I know, I know – you’re groaning under the weight of holiday party buffets, getting 40-year old seasonal jingles stuck in your head 24/7, and not even done with your shopping yet. It’s the last week and a half of the year – who wants to think about New Year’s resolutions?

YOU, that’s who! It’s hard to make real, achievable New Year’s resolutions when nursing a champagne headache on January 2nd. Instead, the time between cleaning up unwrapped-present-detritus and making New Year’s Eve plans is the best time to formulate your year’s goals.

Three Steps to Making Awesome, Achievable New Year’s Resolutions:

1. Identify your reason

I think half of why most New Year’s resolutions fail is because they’re often depressing. After the sparkly over-sugared holiday season, who likes following austere rules?

While resolutions are often no-based – “No caffeine after 8 PM" – the reasons BEHIND resolutions are mostly positive: you want to cut out coffee after 8 because you want to get better sleep.

Think about the positive steps you want to take in the next year. Do you want to be stronger, more relaxed, more connected? What are the good things you want to welcome into your life – and what stands in the way of that? Get to the root of your resolution, before you actually put it into words.

2. Make ‘em specific

Generic resolutions like “Be healthier” are almost always doomed to a slow, puttering death. Take your newly-positively-motivated resolution and break it down into specific steps. For instance, if your resolution is to finally redo the kitchen, build in deadlines! For example:

January 1st: Create kitchen-oriented Pinterest board

February 2nd: Pick paint samples, research contractor

March 3rd: Sign with contractor

April 4th: Begin renovations

Breaking down big resolutions into small steps makes true year-long projects out of each goal – giving you time and space to actually take action.

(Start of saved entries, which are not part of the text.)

(* Let $({\cal X},+)$ be a countable commutative group with at least two elements, let ${\bold H}(i)={\cal X}$ for all $i\in\omega$ (so ${\cal X}^\omega=\prod_{i\in\omega}{\bold H}(i)$ is a commutative group under coordinatewise addition), and let $(K,\Sigma,\Sigma^\bot)$ be a semi--creating triple for ${\bold H}$. (1) If $(K,\Sigma,\Sigma^\bot)$ is directly $+$--invariant, then the ideal $\mathbb{I}_\infty(K,\Sigma,\Sigma^\bot)$ is translation--invariant, i.e. $A+x\in\mathbb{I}_\infty(K,\Sigma,\Sigma^\bot)$ whenever $A\in\mathbb{I}_\infty(K,\Sigma,\Sigma^\bot)$ and $x\in{\cal X}^\omega$. (2) If $(K,\Sigma,\Sigma^\bot)$ is directly permutation--invariant, then $\mathbb{I}_\infty(K,\Sigma,\Sigma^\bot)$ is permutation--invariant, i.e. for every permutation $\pi$ of $\omega$ and every $A\in\mathbb{I}_\infty(K,\Sigma,\Sigma^\bot)$, the set $\{x\in{\cal X}^\omega: x\circ\pi\in A\}$ belongs to $\mathbb{I}_\infty(K,\Sigma,\Sigma^\bot)$.
   Context: Semi--creatures, semi--creating triples, the forcing $\mathbb{Q}^+_\infty(K,\Sigma,\Sigma^\bot)$, $\dot W$ and the ideal $\mathbb{I}_\infty(K,\Sigma,\Sigma^\bot)$ are as follows. A semi--creature for ${\bold H}$ is a quadruple $t=(\mathbf{dom}[t],\mathbf{sval}[t],\mathbf{nor}[t],\mathbf{dis}[t])$ with $\mathbf{dom}[t]$ a non-empty finite subset of $\omega$, $\emptyset\neq\mathbf{sval}[t]\subseteq\prod_{i\in\mathbf{dom}[t]}{\bold H}(i)$, $\mathbf{nor}[t]\in[0,\infty)\cup\{\infty\}$, $\mathbf{dis}[t]$ hereditarily countable, and $\mathbf{sval}[t]=\prod_{i\in\mathbf{dom}[t]}{\bold H}(i)$ iff $\mathbf{nor}[t]=\infty$. A semi--composition operation $\Sigma$ on a set $K$ of semi--creatures maps finite subsets of $K$ to subsets of $K$ with: (a) if $s\in\Sigma(\mathcal S_s)$ for all $s\in\mathcal S$ then $\Sigma(\mathcal S)\subseteq\Sigma(\bigcup_s\mathcal S_s)$; (b) $t\in\Sigma(\{t\})$, $\Sigma(\emptyset)=\emptyset$; (c) if $t\in\Sigma(\mathcal S)$ then $\mathbf{dom}[t]=\bigcup_{s\in\mathcal S}\mathbf{dom}[s]$, $v\restriction\mathbf{dom}[s]\in\mathbf{sval}[s]$ for $v\in\mathbf{sval}[t]$, $s\in\mathcal S$, and distinct members of $\mathcal S$ have disjoint domains. A semi--decomposition operation $\Sigma^\bot$ assigns to each $t\in K$ a non-empty family of finite subsets of $K$ with: (a) if $\{s_0,\dots,s_k\}\in\Sigma^\bot(t)$ and $\mathcal S_i\in\Sigma^\bot(s_i)$ then $\bigcup_i\mathcal S_i\in\Sigma^\bot(t)$; (b) $\{t\}\in\Sigma^\bot(t)$; (c) if $\mathcal S\in\Sigma^\bot(t)$ then $\mathbf{dom}[t]=\bigcup_{s\in\mathcal S}\mathbf{dom}[s]$ and each $v\in\prod_{i\in\mathbf{dom}[t]}{\bold H}(i)$ with $v\restriction\mathbf{dom}[s]\in\mathbf{sval}[s]$ for all $s\in\mathcal S$ is in $\mathbf{sval}[t]$. Conditions of $\mathbb{Q}^+_\infty(K,\Sigma,\Sigma^\bot)$ are sequences $p=(w^p,t^p_0,t^p_1,\dots)$ with $w^p$ a finite function, $w^p(i)\in{\bold H}(i)$, $t^p_i\in K$, $\mathrm{dom}(w^p)$ and the $\mathbf{dom}[t^p_i]$ partitioning $\omega$, $\mathbf{nor}[t^p_i]\neq\infty$ and $\mathbf{nor}[t^p_i]\to\infty$. $p\leq q$ iff $q$ arises from $p$ by finitely many operations: deciding the value (for a finite $A\subseteq\omega$, extend $w$ to $w^*$ with domain $\mathrm{dom}(w)\cup\bigcup_{i\in A}\mathbf{dom}[t_i]$, $w^*\restriction\mathbf{dom}[t_i]\in\mathbf{sval}[t_i]$, and keep the $t_i$, $i\notin A$); applying $\Sigma$ (replace by $t^*_i\in\Sigma(\{t_j:j\in A_i\})$ for pairwise disjoint finite $A_i$); applying $\Sigma^\bot$ (replace $t_i$ by the members of some element of $\Sigma^\bot(t_i)$, using disjoint non-empty index sets). $\dot W$ names $\bigcup\{w^p:p\in\text{generic filter}\}$; $\mathbb{I}_\infty(K,\Sigma,\Sigma^\bot)$ is the ideal on $\prod_i{\bold H}(i)$ (product of discrete topologies) generated by the Borel sets $B$ with $\Vdash\dot W\notin B$. $(K,\Sigma,\Sigma^\bot)$ is directly $+$--invariant if for each $t\in K$ and $v\in{\cal X}^{\mathbf{dom}[t]}$ there is a unique $s=t+v\in K$ with $\mathbf{dom}[s]=\mathbf{dom}[t]$, $\mathbf{nor}[s]=\mathbf{nor}[t]$, $\mathbf{sval}[s]=\{w+v:w\in\mathbf{sval}[t]\}$, and moreover $\Sigma^\bot(t+v)=\{\{s+(v\restriction\mathbf{dom}[s]):s\in\mathcal S\}:\mathcal S\in\Sigma^\bot(t)\}$ and $\Sigma(\{t+(v\restriction\mathbf{dom}[t]):t\in\mathcal S\})=\{s+v:s\in\Sigma(\mathcal S)\}$ for non-empty finite $\mathcal S\subseteq K$ and $v:\bigcup_{s\in\mathcal S}\mathbf{dom}[s]\to{\cal X}$. It is directly permutation--invariant if for each $t\in K$ and injection $\pi:X\to\omega$ with $\mathbf{dom}[t]\subseteq X\subseteq\omega$ there is a unique $s=\pi(t)\in K$ with $\mathbf{dom}[s]=\pi[\mathbf{dom}[t]]$, $\mathbf{nor}[s]=\mathbf{nor}[t]$, $\mathbf{sval}[s]=\{w\circ\pi^{-1}:w\in\mathbf{sval}[t]\}$, and moreover $\Sigma^\bot(\pi(t))=\{\{\pi(s):s\in\mathcal S\}:\mathcal S\in\Sigma^\bot(t)\}$ and $\Sigma(\{\pi(t):t\in\mathcal S\})=\{\pi(s):s\in\Sigma(\mathcal S)\}$ for injections $\pi:\omega\to\omega$. *)

From HB Require Import structures.
From mathcomp Require Import all_boot all_algebra.
From mathcomp Require Import finmap.
From Stdlib Require Reals.
From Stdlib Require Import Relations List.
Notation R := Reals.Rdefinitions.R.
Notation Rle := Reals.Rdefinitions.Rle.
Set Implicit Arguments. Unset Strict Implicit. Unset Printing Implicit Defensive.
Import GRing.Theory.
Local Open Scope fset_scope.

Section SemiCreatures.
Variable X : zmodType.   (* H(i) = X for all i *)
Variable D : Type.

(* finite partial functions omega -> X; the domain is {i | v i <> None} *)
Definition pfun := nat -> option X.

(* v is an element of prod_{i in A} H(i) *)
Definition full_on (A : {fset nat}) (v : pfun) : Prop :=
  forall i, v i <> None <-> i \in A.

Definition restr (v : pfun) (A : {fset nat}) : pfun :=
  fun i => if i \in A then v i else None.

Definition padd (w v : pfun) : pfun :=
  fun i => match w i, v i with Some a, Some b => Some (a + b)%R | _, _ => None end.

(* quadruples (dom, sval, nor, dis); nor = None encodes infinity *)
Record creature := Creature {
  cdom : {fset nat};
  csval : pfun -> Prop;
  cnor : option R;
  cdis : D }.

Definition semi_creature (t : creature) : Prop :=
  cdom t != fset0 /\
  (exists v, csval t v) /\
  (forall v, csval t v -> full_on (cdom t) v) /\
  (forall r, cnor t = Some r -> Rle Reals.Rdefinitions.R0 r) /\
  ((forall v, full_on (cdom t) v -> csval t v) <-> cnor t = None).

Definition cset := creature -> Prop.

Definition cfinite (S : cset) : Prop :=
  exists l : list creature, forall s, S s <-> In s l.

Definition csingle (t : creature) : cset := fun s => s = t.
Definition cempty : cset := fun _ => False.
Definition bigU (S : cset) (F : creature -> cset) : cset :=
  fun x => exists s, S s /\ F s x.
Definition csub (S T : cset) : Prop := forall s, S s -> T s.

Variable K : cset.

Definition semi_composition (Sig : cset -> cset) : Prop :=
  (forall S, cfinite S -> csub S K -> csub (Sig S) K) /\
  (forall (S : cset) (F : creature -> cset), cfinite S -> csub S K ->
     (forall s, S s -> cfinite (F s) /\ csub (F s) K /\ Sig (F s) s) ->
     csub (Sig S) (Sig (bigU S F))) /\
  (forall t, K t -> Sig (csingle t) t) /\
  (forall t, ~ Sig cempty t) /\
  (forall S, cfinite S -> csub S K -> forall t, Sig S t ->
     (forall i, i \in cdom t <-> exists s, S s /\ i \in cdom s) /\
     (forall v, csval t v -> forall s, S s -> csval s (restr v (cdom s))) /\
     (forall s s', S s -> S s' -> s <> s' ->
        forall i, i \in cdom s -> i \in cdom s' -> False)).

Definition semi_decomposition (SigB : creature -> cset -> Prop) : Prop :=
  (forall t, K t -> exists S, SigB t S) /\
  (forall t S, K t -> SigB t S -> cfinite S /\ csub S K) /\
  (forall t S (F : creature -> cset), K t -> SigB t S ->
     (forall s, S s -> SigB s (F s)) -> SigB t (bigU S F)) /\
  (forall t, K t -> SigB t (csingle t)) /\
  (forall t S, K t -> SigB t S ->
     (forall i, i \in cdom t <-> exists s, S s /\ i \in cdom s) /\
     (forall v, full_on (cdom t) v ->
        (forall s, S s -> csval s (restr v (cdom s))) -> csval t v)).

Definition semi_creating_triple (Sig : cset -> cset) (SigB : creature -> cset -> Prop) :=
  (forall t, K t -> semi_creature t) /\ semi_composition Sig /\ semi_decomposition SigB.

Record cond := Cond { cw : pfun; ct : nat -> creature }.

Definition is_cond (p : cond) : Prop :=
  (exists A : {fset nat}, full_on A (cw p)) /\
  (forall i, K (ct p i)) /\
  (forall j, cw p j <> None \/ exists i, j \in cdom (ct p i)) /\
  (forall i j, cw p j <> None -> j \in cdom (ct p i) -> False) /\
  (forall i i' j, i <> i' -> j \in cdom (ct p i) -> j \in cdom (ct p i') -> False) /\
  (forall i, cnor (ct p i) <> None) /\
  (forall M : R, exists N, forall i, N <= i -> forall r, cnor (ct p i) = Some r -> Rle M r).

Definition pextends (w w' : pfun) : Prop := forall i a, w i = Some a -> w' i = Some a.

Definition step_decide (p q : cond) : Prop :=
  exists A : {fset nat},
    (forall j, cw q j <> None <-> (cw p j <> None \/ exists i, i \in A /\ j \in cdom (ct p i))) /\
    pextends (cw p) (cw q) /\
    (forall i, i \in A -> csval (ct p i) (restr (cw q) (cdom (ct p i)))) /\
    exists f : nat -> nat, (forall k, f k < f k.+1) /\
      (forall i, i \notin A <-> exists k, f k = i) /\
      (forall k, ct q k = ct p (f k)).

Definition step_sigma (Sig : cset -> cset) (p q : cond) : Prop :=
  cw q = cw p /\ exists A : nat -> {fset nat},
    (forall i i' j, i <> i' -> j \in A i -> j \in A i' -> False) /\
    (forall j, exists i, j \in A i) /\
    (forall i, Sig (fun s => exists j, j \in A i /\ s = ct p j) (ct q i)).

Definition step_sigmaB (SigB : creature -> cset -> Prop) (p q : cond) : Prop :=
  cw q = cw p /\ exists B : nat -> {fset nat},
    (forall i i' j, i <> i' -> j \in B i -> j \in B i' -> False) /\
    (forall j, exists i, j \in B i) /\
    (forall i, B i != fset0) /\
    (forall i, SigB (ct p i) (fun s => exists j, j \in B i /\ s = ct q j)).

Variable Sig : cset -> cset.
Variable SigB : creature -> cset -> Prop.

Definition qstep (p q : cond) : Prop :=
  is_cond p /\ is_cond q /\
  (step_decide p q \/ step_sigma Sig p q \/ step_sigmaB SigB p q).

(* p <= q : q is stronger than p *)
Definition qle (p q : cond) : Prop :=
  is_cond p /\ is_cond q /\ clos_refl_trans cond qstep p q.

Definition dense_below (p : cond) (P : cond -> Prop) : Prop :=
  forall q, qle p q -> exists r, qle q r /\ P r.

(* Borel codes for subsets of X^omega (product of discrete topologies) *)
Inductive bcode :=
  | BAt : nat -> X -> bcode
  | BCompl : bcode -> bcode
  | BUnion : (nat -> bcode) -> bcode.

Fixpoint bset (c : bcode) : (nat -> X) -> Prop :=
  match c with
  | BAt i a => fun x => x i = a
  | BCompl c' => fun x => ~ bset c' x
  | BUnion f => fun x => exists n, bset (f n) x
  end.

(* the forcing relation  p ||- "W in [[c]]"  where W = U { w^p : p in G } *)
Fixpoint forces (p : cond) (c : bcode) : Prop :=
  match c with
  | BAt i a => dense_below p (fun q => cw q i = Some a)
  | BCompl c' => forall q, qle p q -> ~ forces q c'
  | BUnion f => dense_below p (fun q => exists n, forces q (f n))
  end.

Definition forced_out (c : bcode) : Prop :=
  forall p, is_cond p -> forces p (BCompl c).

3. Tell someone – and build in accountability

Find a friend or family member – not the sweetest one, not the pushover. Find someone who likes rules and enjoys being the bad cop. Ask them to be your New Year’s Enforcer… and tell them EXACTLY what they get to do to “punish” you if you don’t follow through. What results will you have to show them? Make it as wriggle-proof as possible.

I’ve found great success with this method; I regularly write checks to a friend, who gets to cash them if I don’t meet writing deadlines. Is it a pain? Do I hate it and beg (fruitlessly) for mercy on occasion? Yes! But darned if I don’t get my writing work done on time.

Lock yourself away from visiting relatives and over-excited children for an hour this holiday season, and take the time to come up with a real New Year’s resolution list. It’ll be worth it – and perhaps next year’s list will only read: “Stop being so awesome.”